Tearful confessions of undying love ensue, but rather than plunging a dagger into his heart, Heathcliff decides to carry out the elaborate revenge plot he originally set in motion. Heathcliff has nothing to live for, except the perverse gratification of avenging the happiness he was denied.

And so, I stand forth, supporting my controversial stance that Wuthering Heights is not a romance. The psychological destruction of Heathcliff’s capacity to love is much more prominent. Disorder and vengeance govern the plot, not romance. Heathcliff and Catherine are a disaster, they say their lives and souls are intertwined, yet they remain separated by merely superficial social boundaries that surely their love could have overstepped. Heathcliff and Catherine thrive on the torturous heartache of being separated.

Could you imagine such an explosive duo living in marital bliss? Pragmatic Catherine was wholly aware of the hopelessness of marriage to Heathcliff. Realistically if Catherine ran away with unpredictable Heathcliff, she knew she would lose everything – money, property, stability, and her reputation. Isabella Linton naïvely gave up all of those things willingly to marry Heathcliff, so why couldn’t Cathy do the same? She could have married Heathcliff at any time, but she refused to sacrifice the material world she was assured if she married Edgar Linton. I do despise Cathy, but I also understand her hesitancy. Heathcliff is already half insane, he is a loose canon and hell bent on revenge. The only time Cathy could have really changed her destiny was at the crossroads when she makes her infamous “I am Heathcliff” speech.
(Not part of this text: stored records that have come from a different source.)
(* Let $G:\{0,1\}^n\to\{0,1\}^N$ be a Boolean circuit and $\mathsf{Ext}:\{0,1\}^N\times\{0,1\}^d\to\{0,1\}^m$ be linear, i.e., for each $r\in\{0,1\}^d$ the map $\mathsf{Ext}(\cdot,r):\mathbb{F}_2^N\to\mathbb{F}_2^m$ is $\mathbb{F}_2$-linear; for each $r$ fix a circuit $\mathsf{Ext}_r$ of fan-in-2 $\oplus$ gates computing $\mathsf{Ext}(\cdot,r)$, and let $C_r:\{0,1\}^n\to\{0,1\}^m$ be the circuit $C_r(s)=\mathsf{Ext}(G(s),r)$ obtained by feeding the outputs of $G$ into $\mathsf{Ext}_r$. Then for every $y\in\{0,1\}^N$ and $r\in\{0,1\}^d$, there is a simple parity reduction from $\tau_y(G)$ to $\tau_z(C_r)$, where $z:=\mathsf{Ext}(y,r)$; that is, $\tau_y(G)\le^{\oplus}\tau_z(C_r)$.
   Context: For a circuit $G$ with $n$ inputs and $\ell$ outputs, whose gates have fan-in at most 2 over a basis containing $\oplus$, and $b\in\{0,1\}^\ell$, $\tau_b(G)$ is the 3-CNF with variables $x\in\{0,1\}^n$ (inputs) and $\mathsf{hist}\in\{0,1\}^s$, one variable $v_g$ per internal gate $g$ (including output gates; for input gates $v_g$ is the corresponding $x_i$). For every internal gate $g$ with operation $\circ_g$ and children $g_l,g_r$ it contains the clauses of the constraint $v_g=v_{g_l}\circ_g v_{g_r}$ (a 3-CNF of at most 8 clauses), and for each $i\in[\ell]$ with $i$-th output gate $g_i$ it contains the width-1 clause expressing $v_{g_i}=b_i$. Thus $\tau_b(G)$ is satisfiable iff $b\in\mathrm{Range}(G)$. Simple parity reduction: for CNFs $F(x_1,\dots,x_n)$ and $H(y_1,\dots,y_{n'})$, $F\le^{\oplus}H$ if there is an $\mathbb{F}_2$-linear map $\mathsf{redu}:\{0,1\}^n\to\{0,1\}^{n'}$ (each output bit is the XOR of a subset of input bits) such that for every clause $g$ of $H$, one of the following holds: $g\circ\mathsf{redu}\equiv\mathsf{True}$; $g\circ\mathsf{redu}$ equals some clause of $F$; or $g$ is a width-1 clause (a single literal, i.e., an equation $y_i=c$) and $g\circ\mathsf{redu}$ (a linear equation) is the XOR (sum over $\mathbb{F}_2$) of a subset of clauses of $F$, these clauses being width-1. *)

From mathcomp Require Import all_boot.
Set Implicit Arguments. Unset Strict Implicit. Unset Printing Implicit Defensive.

Definition literal := (nat * bool)%type.
Definition clause := seq literal.
Record cnf := CNF { nvars : nat; clauses : seq clause }.

Definition eval_lit (a : nat -> bool) (l : literal) : bool := a l.1 == l.2.
Definition eval_clause (a : nat -> bool) (C : clause) : bool := has (eval_lit a) C.
(* F2 affine form of a literal: it vanishes iff the literal holds,
   i.e. literal (i,c) is the linear equation x_i + c = 0. *)
Definition lit_form (a : nat -> bool) (l : literal) : bool := a l.1 (+) l.2.

(** * Circuits: nodes 0..cin-1 are inputs, node cin+k is the k-th gate;
    each gate has two children (fan-in <= 2) and an arbitrary binary operation. *)
Record gate := Gate { gl : nat; gr : nat; gop : bool -> bool -> bool }.
Record circuit := Circuit { cin : nat; gates : seq gate; outs : seq nat }.

Definition gate0 := Gate 0 0 (fun _ _ => false).

Definition wf_circuit (C : circuit) : Prop :=
  (forall k, k < size (gates C) ->
     gl (nth gate0 (gates C) k) < cin C + k /\ gr (nth gate0 (gates C) k) < cin C + k) /\
  all (fun o => o < cin C + size (gates C)) (outs C).

Definition xor_circuit (C : circuit) : Prop :=
  forall k, k < size (gates C) -> forall a b, gop (nth gate0 (gates C) k) a b = a (+) b.

Definition eval_nodes (C : circuit) (x : seq bool) : seq bool :=
  foldl (fun vals g => rcons vals (gop g (nth false vals (gl g)) (nth false vals (gr g))))
        x (gates C).
Definition eval_circ (C : circuit) (x : seq bool) : seq bool :=
  [seq nth false (eval_nodes C x) o | o <- outs C].

(* the constraint v = gl g `op` gr g, as the 4 width-3 clauses excluding each
   falsifying assignment *)
Definition gate_clauses (v : nat) (g : gate) : seq clause :=
  [seq [:: (gl g, ~~ p.1); (gr g, ~~ p.2); (v, gop g p.1 p.2)]
  | p <- [:: (false, false); (false, true); (true, false); (true, true)]].

Definition tau (C : circuit) (b : seq bool) : cnf :=
  CNF (cin C + size (gates C))
      (flatten [seq gate_clauses (cin C + k) (nth gate0 (gates C) k)
               | k <- iota 0 (size (gates C))]
       ++ [seq [:: (nth 0 (outs C) i, nth false b i)] | i <- iota 0 (size (outs C))]).

(* redu j = the subset of F-variables whose XOR is the j-th H-variable *)
Definition xor_vars (a : nat -> bool) (S : seq nat) : bool :=
  foldr (fun i acc => a i (+) acc) false S.
Definition redu_assign (redu : nat -> seq nat) (a : nat -> bool) : nat -> bool :=
  fun j => xor_vars a (redu j).

Definition simple_parity_red (F H : cnf) : Prop :=
  exists redu : nat -> seq nat,
    (forall j, j < nvars H -> all (fun i => i < nvars F) (redu j)) /\
    forall g, g \in clauses H ->
      [\/ (forall a, eval_clause (redu_assign redu a) g),
          (exists2 f, f \in clauses F &
              forall a, eval_clause (redu_assign redu a) g = eval_clause a f)
        | size g = 1 /\
          exists S : seq nat,
            [/\ uniq S, all (fun k => k < size (clauses F)) S,
                all (fun k => size (nth [::] (clauses F) k) == 1) S &
                forall a, lit_form (redu_assign redu a) (head (0, false) g) =
                  foldr (fun k acc =>
                           lit_form a (head (0, false) (nth [::] (clauses F) k)) (+) acc)
                        false S]].

Definition shift_node (G E : circuit) (k : nat) : nat :=
  if k < cin E then nth 0 (outs G) k else k - cin E + (cin G + size (gates G)).

Definition compose (G E : circuit) : circuit :=
  Circuit (cin G)
          (gates G ++ [seq Gate (shift_node G E (gl g)) (shift_node G E (gr g)) (gop g)
                      | g <- gates E])
          [seq shift_node G E o | o <- outs E].

Definition xorv (u v : seq bool) : seq bool := [seq p.1 (+) p.2 | p <- zip u v].

From mathcomp Require Import all_boot.

(* Keep every variable of tau_y(G) and send the gate variable of the k-th gate
   of Ext_r to the XOR of those outputs of G on which the linear form computed
   by that gate depends (its coefficients are read off by evaluating Ext_r on
   unit vectors).  Under this map the gate clauses of G are unchanged, those of
   Ext_r become tautologies since an XOR gate computes the sum of the forms of
   its children, and the output clause "output i = z_i" becomes the sum of the
   output clauses of tau_y(G) selected by the coefficients of output i, because
   z_i is that same linear form evaluated at y. *)

Definition eval_step (vals : seq bool) (g : gate) : seq bool :=
  rcons vals (gop g (nth false vals (gl g)) (nth false vals (gr g))).

Lemma size_foldl_eval_step vals gs :
  size (foldl eval_step vals gs) = size vals + size gs.
Proof.
elim: gs vals => [|g gs IH] vals /=; first by rewrite addn0.
by rewrite IH size_rcons addSnnS.
Qed.

Lemma nth_foldl_eval_step vals gs {i} : i < size vals ->
  nth false (foldl eval_step vals gs) i = nth false vals i.
Proof.
elim: gs vals => [|g gs IH] vals //= lt_i.
by rewrite IH ?nth_rcons ?lt_i // size_rcons ltnW.
Qed.

Lemma nth_eval_nodes_input C x v : v < size x ->
  nth false (eval_nodes C x) v = nth false x v.
Proof. exact: nth_foldl_eval_step. Qed.

Lemma nth_eval_nodes_gate C x k (g := nth gate0 (gates C) k) :
  k < size (gates C) -> gl g < size x + k -> gr g < size x + k ->
  nth false (eval_nodes C x) (size x + k) =
  gop g (nth false (eval_nodes C x) (gl g)) (nth false (eval_nodes C x) (gr g)).
Proof.
move=> lt_k lt_l lt_r.
rewrite /eval_nodes -/eval_step -(cat_take_drop k (gates C)) foldl_cat.
rewrite (drop_nth gate0 lt_k) -/g /=.
set V := foldl eval_step x _.
have size_V : size V = size x + k by rewrite size_foldl_eval_step size_take lt_k.
have lt_V i : i < size x + k -> i < size (eval_step V g).
  by rewrite size_rcons size_V => /ltnW.
rewrite (nth_foldl_eval_step _ _ (lt_V _ lt_l)) (nth_foldl_eval_step _ _ (lt_V _ lt_r)).
rewrite nth_foldl_eval_step.
  by rewrite !nth_rcons size_V lt_l lt_r ltnn eqxx.
by rewrite size_rcons size_V.
Qed.

Definition respects_gates (C : circuit) (val : nat -> bool) : Prop :=
  forall k, k < size (gates C) ->
    let g := nth gate0 (gates C) k in val (cin C + k) = gop g (val (gl g)) (val (gr g)).

Lemma eval_nodes_respects C x : wf_circuit C -> size x = cin C ->
  respects_gates C (nth false (eval_nodes C x)).
Proof.
move=> [wf_gates _] size_x k lt_k /=; have [lt_l lt_r] := wf_gates k lt_k.
by rewrite -size_x nth_eval_nodes_gate // size_x.
Qed.

Lemma respects_gates_unique C f h : wf_circuit C ->
  respects_gates C f -> respects_gates C h -> (forall v, v < cin C -> f v = h v) ->
  forall v, v < cin C + size (gates C) -> f v = h v.
Proof.
move=> [wf_gates _] resp_f resp_h eq_in; elim/ltn_ind => v IH lt_v.
have [lt_in | ge_in] := ltnP v (cin C); first exact: eq_in.
have [k lt_k def_v] : exists2 k, k < size (gates C) & v = cin C + k.
  by exists (v - cin C); [rewrite ltn_subLR | rewrite subnKC].
have [lt_l lt_r] := wf_gates k lt_k; rewrite -def_v in lt_l lt_r.
have lt_l' := ltn_trans lt_l lt_v; have lt_r' := ltn_trans lt_r lt_v.
by rewrite def_v (resp_f k lt_k) (resp_h k lt_k) /= !IH.
Qed.

Section XorCircuit.

Variable E : circuit.
Hypotheses (wfE : wf_circuit E) (xorE : xor_circuit E).

Definition node_coef (v j : nat) : bool :=
  nth false (eval_nodes E (mkseq (pred1 j) (cin E))) v.

Definition lin_val (f : nat -> bool) (v : nat) : bool :=
  \big[addb/false]_(j <- iota 0 (cin E)) (node_coef v j && f j).

Lemma lin_val_input f v : v < cin E -> lin_val f v = f v.
Proof.
move=> lt_v; rewrite /lin_val (bigD1_seq v) ?mem_iota ?iota_uniq //=.
rewrite /node_coef nth_eval_nodes_input ?size_mkseq // nth_mkseq //= eqxx.
rewrite big1 ?addbF // => j ne_jv.
by rewrite nth_eval_nodes_input ?size_mkseq // nth_mkseq //= eq_sym (negbTE ne_jv).
Qed.

Lemma lin_val_addb f h v :
  lin_val f v (+) lin_val h v = lin_val (fun j => f j (+) h j) v.
Proof.
rewrite /lin_val -big_split; apply: eq_bigr => j _.
by case: (node_coef v j).
Qed.

Lemma lin_val_respects f : respects_gates E (lin_val f).
Proof.
move=> k lt_k /=; rewrite xorE // /lin_val -big_split; apply: eq_bigr => j _ /=.
have := eval_nodes_respects _ _ wfE (size_mkseq (pred1 j) (cin E)) k lt_k.
rewrite /= xorE // => coef_gate.
by rewrite /node_coef coef_gate; case: (f j); rewrite ?andbT ?andbF.
Qed.

Lemma eval_xor_circuit x v : size x = cin E -> v < cin E + size (gates E) ->
  nth false (eval_nodes E x) v = lin_val (nth false x) v.
Proof.
move=> size_x; apply: (respects_gates_unique _ _ _ wfE) => [||u lt_u].
- exact: eval_nodes_respects.
- exact: lin_val_respects.
by rewrite lin_val_input // nth_eval_nodes_input ?size_x.
Qed.

End XorCircuit.

Lemma gate_clauses_sat val v g : val v = gop g (val (gl g)) (val (gr g)) ->
  forall c, c \in gate_clauses v g -> eval_clause val c.
Proof.
move=> val_v c /mapP [[p1 p2] _ ->]; rewrite /eval_clause /eval_lit /= val_v.
by case: p1 p2 (val (gl g)) (val (gr g)) => [] [] [] []; rewrite ?eqxx ?orbT.
Qed.

Lemma gate_clauses_vars {v g c l} : c \in gate_clauses v g -> l \in c ->
  l.1 \in [:: gl g; gr g; v].
Proof. by move=> /mapP [p _ ->]; rewrite !inE => /or3P [] /eqP ->; rewrite eqxx ?orbT. Qed.

Lemma eval_clause_eq_in val val' c : (forall l, l \in c -> val l.1 = val' l.1) ->
  eval_clause val c = eval_clause val' c.
Proof. by move=> eq_c; apply: eq_in_has => l /eq_c; rewrite /eval_lit => ->. Qed.

Lemma mem_clauses_tau C b c : c \in clauses (tau C b) ->
  (exists2 k, k < size (gates C) & c \in gate_clauses (cin C + k) (nth gate0 (gates C) k))
  \/ (exists2 i, i < size (outs C) & c = [:: (nth 0 (outs C) i, nth false b i)]).
Proof.
rewrite mem_cat => /orP [/flattenP [cs /mapP [k k_in ->] c_in] | /mapP [i i_in ->]].
- by left; exists k; move: k_in; rewrite mem_iota.
- by right; exists i; move: i_in; rewrite mem_iota.
Qed.

Lemma gate_clauses_sub_tau C b k c : k < size (gates C) ->
  c \in gate_clauses (cin C + k) (nth gate0 (gates C) k) -> c \in clauses (tau C b).
Proof.
move=> lt_k c_in; rewrite mem_cat; apply/orP; left; apply/flattenP.
by eexists; [apply: map_f; rewrite mem_iota | exact: c_in].
Qed.

Lemma size_gate_clauses_tau C :
  size (flatten [seq gate_clauses (cin C + k) (nth gate0 (gates C) k)
                | k <- iota 0 (size (gates C))]) = 4 * size (gates C).
Proof.
rewrite size_flatten /shape -map_comp -[in RHS](size_iota 0 (size (gates C))).
by elim: (iota 0 _) => //= k ks ->; rewrite mulnS.
Qed.

Lemma size_clauses_tau C b : size (clauses (tau C b)) = 4 * size (gates C) + size (outs C).
Proof. by rewrite size_cat size_gate_clauses_tau size_map size_iota. Qed.

Lemma nth_clauses_tau_out C b i : i < size (outs C) ->
  nth [::] (clauses (tau C b)) (4 * size (gates C) + i) = [:: (nth 0 (outs C) i, nth false b i)].
Proof.
move=> lt_i; rewrite nth_cat size_gate_clauses_tau ltnNge leq_addr addKn.
by rewrite (nth_map 0) ?size_iota // nth_iota.
Qed.

Lemma foldr_addb_big (f : nat -> bool) s :
  foldr (fun k acc => f k (+) acc) false s = \big[addb/false]_(k <- s) f k.
Proof. by rewrite -(foldr_map f addb) foldrE big_map. Qed.

Section Composition.

Variables (G E : circuit) (y : seq bool).
Hypotheses (wfG : wf_circuit G) (wfE : wf_circuit E) (xorE : xor_circuit E).
Hypotheses (cinE : cin E = size (outs G)) (size_y : size y = cin E).

Local Notation nG := (cin G + size (gates G)).

Lemma outs_G_bound j : j < cin E -> nth 0 (outs G) j < nG.
Proof. by move=> lt_j; apply: (allP (proj2 wfG)); rewrite mem_nth -?cinE. Qed.

(* [w - nG + cin E] is the node of E that [shift_node] sends to [w >= nG]. *)
Definition compose_redu (w : nat) : seq nat :=
  if w < nG then [:: w]
  else [seq nth 0 (outs G) j | j <- iota 0 (cin E) & node_coef E (w - nG + cin E) j].

Local Notation red a := (redu_assign compose_redu a).

Lemma compose_redu_bound w : all (fun i => i < nG) (compose_redu w).
Proof.
rewrite /compose_redu; case: ifP => [lt_w | _] /=; first by rewrite lt_w.
apply/allP => i /mapP [j]; rewrite mem_filter mem_iota => /andP [_ /andP [_ lt_j]] ->.
exact: outs_G_bound.
Qed.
If Cathy had turned down Edgar Linton’s marriage proposal and given up everything for Heathcliff in that moment, I think perhaps they could have frolicked in the moors forevermore. Heathcliff was waiting for an all or nothing grand gesture, he wanted to watch Cathy throw away everything for him, so that he could fully possess her.

I love the tragedy of Wuthering Heights, the heartbreak lies in the alternative scenario of what would have happened if she chose Heathcliff? I think we are positioned to see Catherine’s rejection of Heathcliff as the wrong choice – material possessions are worth nothing without a natural love. If her choice between Heathcliff and Edgar was correct, then surely Cathy should have been calling out Edgar Linton’s name at Thrushcross Grange, instead of haunting Wuthering Heights for all eternity. Cathy and Heathcliff, the tragic love that haunts from beyond the grave and transcends the mortal world.